» **DATA PROVIDED**:
Definition optimal_regular_system {d} (N : pt d -> R) (A : pt d -> Prop)
  (H : pt d -> R) (U : pt d -> Prop) : Prop :=
  optimal_system N A H U /\ regular_system N A H U.

From Stdlib Require Import Reals List ZArith.
From Stdlib Require Fin.
From Stdlib Require Import Lra Lia Classical ClassicalEpsilon FunctionalExtensionality.
Open Scope R_scope.

(* Since H(a) <= h means that the first index of a is at most h^d, at most about h^d
   points have height <= h, which is optimality.  For regularity, a ball of radius r
   contains a dyadic cube of side comparable to r/K, where N <= K max|x_i|.  At the
   generation g with 2^g ~ m h (m |x_i| <= N x) the density hypothesis provides
   ~ 2^(d j) marked subcubes, each containing some a_n with n <= 2^(d g) <= h^d, i.e. of
   height <= h.  Keeping only the subcubes whose integer indices share one parity pattern
   costs a factor 2^d and puts any two of them a full side 2^(-g) apart in some
   coordinate, hence at N-distance >= 1/h.  The same count shows that A is infinite.
   The constant m comes from the equivalence of norms, proved by induction on d. *)

(** * Norms on R^d *)

Definition seminorm {d} (N : pt d -> R) : Prop :=
  (forall c x, N (vscal c x) = Rabs c * N x) /\
  (forall x y, N (vadd x y) <= N x + N y).

Lemma is_norm_seminorm {d} (N : pt d -> R) : is_norm N -> seminorm N.
Proof. intros [_ hs]; exact hs. Qed.

Section Seminorm.

Variables (d : nat) (N : pt d -> R).
Hypothesis hs : seminorm N.

Lemma seminorm_vzero : N vzero = 0.
Proof.
  replace (@vzero d) with (vscal 0 (@vzero d)).
  - rewrite (proj1 hs), Rabs_R0; ring.
  - apply functional_extensionality; intro i; unfold vscal, vzero; ring.
Qed.

Lemma seminorm_vopp x : N (vscal (-1) x) = N x.
Proof. rewrite (proj1 hs), Rabs_left by lra; ring. Qed.

Lemma seminorm_ge0 x : 0 <= N x.
Proof.
  assert (e : vadd x (vscal (-1) x) = vzero).
  { apply functional_extensionality; intro i; unfold vadd, vscal, vzero; ring. }
  pose proof (proj2 hs x (vscal (-1) x)) as t.
  rewrite e, seminorm_vzero, seminorm_vopp in t. lra.
Qed.

Lemma seminorm_vsub_sym x y : N (vsub x y) = N (vsub y x).
Proof.
  rewrite <- seminorm_vopp. f_equal.
  apply functional_extensionality; intro i; unfold vsub, vscal; ring.
Qed.

Lemma seminorm_vsub_triangle x y z : N (vsub x y) <= N (vsub x z) + N (vsub z y).
Proof.
  replace (vsub x y) with (vadd (vsub x z) (vsub z y)); [apply hs|].
  apply functional_extensionality; intro i; unfold vsub, vadd; ring.
Qed.

Lemma seminorm_vsub_le x y : N (vsub x y) <= N x + N y.
Proof.
  replace (vsub x y) with (vadd x (vscal (-1) y)).
  - rewrite <- (seminorm_vopp y). apply hs.
  - apply functional_extensionality; intro i; unfold vsub, vadd, vscal; ring.
Qed.

Lemma seminorm_vsub_diag x : N (vsub x x) = 0.
Proof.
  rewrite <- seminorm_vzero. f_equal.
  apply functional_extensionality; intro i; unfold vsub, vzero; ring.
Qed.

Lemma is_diam_ball_bounds c r D : 0 < r -> is_diam N (ball N c r) D -> 0 <= D <= 2 * r.
Proof.
  intros hr [hub hlub]. split.
  - apply hub. exists c, c. unfold ball. rewrite seminorm_vsub_diag. repeat split; lra.
  - apply hlub. intros t [x [y [hx [hy ->]]]]. unfold ball in hx, hy.
    pose proof (seminorm_vsub_triangle x y c) as htri.
    rewrite (seminorm_vsub_sym c y) in htri. lra.
Qed.

End Seminorm.

Definition vcons {d} (t : R) (y : pt d) : pt (S d) :=
  fun i => Fin.caseS' i (fun _ => R) t y.

Definition vtl {d} (x : pt (S d)) : pt d := fun j => x (Fin.FS j).

Lemma vcons_eta {d} (x : pt (S d)) : x = vcons (x Fin.F1) (vtl x).
Proof. apply functional_extensionality; intro i; pattern i; apply Fin.caseS'; reflexivity. Qed.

» **WHAT TO WORK ON**: From the listing above, extract every line exactly as it stands.

» **RESPONSE TO THE TASK**:
Definition optimal_regular_system {d} (N : pt d -> R) (A : pt d -> Prop)
  (H : pt d -> R) (U : pt d -> Prop) : Prop :=
  optimal_system N A H U /\ regular_system N A H U.

From Stdlib Require Import Reals List ZArith.
From Stdlib Require Fin.
From Stdlib Require Import Lra Lia Classical ClassicalEpsilon FunctionalExtensionality.
Open Scope R_scope.

(* Since H(a) <= h means that the first index of a is at most h^d, at most about h^d
   points have height <= h, which is optimality.  For regularity, a ball of radius r
   contains a dyadic cube of side comparable to r/K, where N <= K max|x_i|.  At the
   generation g with 2^g ~ m h (m |x_i| <= N x) the density hypothesis provides
   ~ 2^(d j) marked subcubes, each containing some a_n with n <= 2^(d g) <= h^d, i.e. of
   height <= h.  Keeping only the subcubes whose integer indices share one parity pattern
   costs a factor 2^d and puts any two of them a full side 2^(-g) apart in some
   coordinate, hence at N-distance >= 1/h.  The same count shows that A is infinite.
   The constant m comes from the equivalence of norms, proved by induction on d. *)

(** * Norms on R^d *)

Definition seminorm {d} (N : pt d -> R) : Prop :=
  (forall c x, N (vscal c x) = Rabs c * N x) /\
  (forall x y, N (vadd x y) <= N x + N y).

Lemma is_norm_seminorm {d} (N : pt d -> R) : is_norm N -> seminorm N.
Proof. intros [_ hs]; exact hs. Qed.

Section Seminorm.

Variables (d : nat) (N : pt d -> R).
Hypothesis hs : seminorm N.

Lemma seminorm_vzero : N vzero = 0.
Proof.
  replace (@vzero d) with (vscal 0 (@vzero d)).
  - rewrite (proj1 hs), Rabs_R0; ring.
  - apply functional_extensionality; intro i; unfold vscal, vzero; ring.
Qed.

Lemma seminorm_vopp x : N (vscal (-1) x) = N x.
Proof. rewrite (proj1 hs), Rabs_left by lra; ring. Qed.

Lemma seminorm_ge0 x : 0 <= N x.
Proof.
  assert (e : vadd x (vscal (-1) x) = vzero).
  { apply functional_extensionality; intro i; unfold vadd, vscal, vzero; ring. }
  pose proof (proj2 hs x (vscal (-1) x)) as t.
  rewrite e, seminorm_vzero, seminorm_vopp in t. lra.
Qed.

Lemma seminorm_vsub_sym x y : N (vsub x y) = N (vsub y x).
Proof.
  rewrite <- seminorm_vopp. f_equal.
  apply functional_extensionality; intro i; unfold vsub, vscal; ring.
Qed.

Lemma seminorm_vsub_triangle x y z : N (vsub x y) <= N (vsub x z) + N (vsub z y).
Proof.
  replace (vsub x y) with (vadd (vsub x z) (vsub z y)); [apply hs|].
  apply functional_extensionality; intro i; unfold vsub, vadd; ring.
Qed.

Lemma seminorm_vsub_le x y : N (vsub x y) <= N x + N y.
Proof.
  replace (vsub x y) with (vadd x (vscal (-1) y)).
  - rewrite <- (seminorm_vopp y). apply hs.
  - apply functional_extensionality; intro i; unfold vsub, vadd, vscal; ring.
Qed.

Lemma seminorm_vsub_diag x : N (vsub x x) = 0.
Proof.
  rewrite <- seminorm_vzero. f_equal.
  apply functional_extensionality; intro i; unfold vsub, vzero; ring.
Qed.

Lemma is_diam_ball_bounds c r D : 0 < r -> is_diam N (ball N c r) D -> 0 <= D <= 2 * r.
Proof.
  intros hr [hub hlub]. split.
  - apply hub. exists c, c. unfold ball. rewrite seminorm_vsub_diag. repeat split; lra.
  - apply hlub. intros t [x [y [hx [hy ->]]]]. unfold ball in hx, hy.
    pose proof (seminorm_vsub_triangle x y c) as htri.
    rewrite (seminorm_vsub_sym c y) in htri. lra.
Qed.

End Seminorm.

Definition vcons {d} (t : R) (y : pt d) : pt (S d) :=
  fun i => Fin.caseS' i (fun _ => R) t y.

Definition vtl {d} (x : pt (S d)) : pt d := fun j => x (Fin.FS j).

Lemma vcons_eta {d} (x : pt (S d)) : x = vcons (x Fin.F1) (vtl x).
Proof. apply functional_extensionality; intro i; pattern i; apply Fin.caseS'; reflexivity. Qed.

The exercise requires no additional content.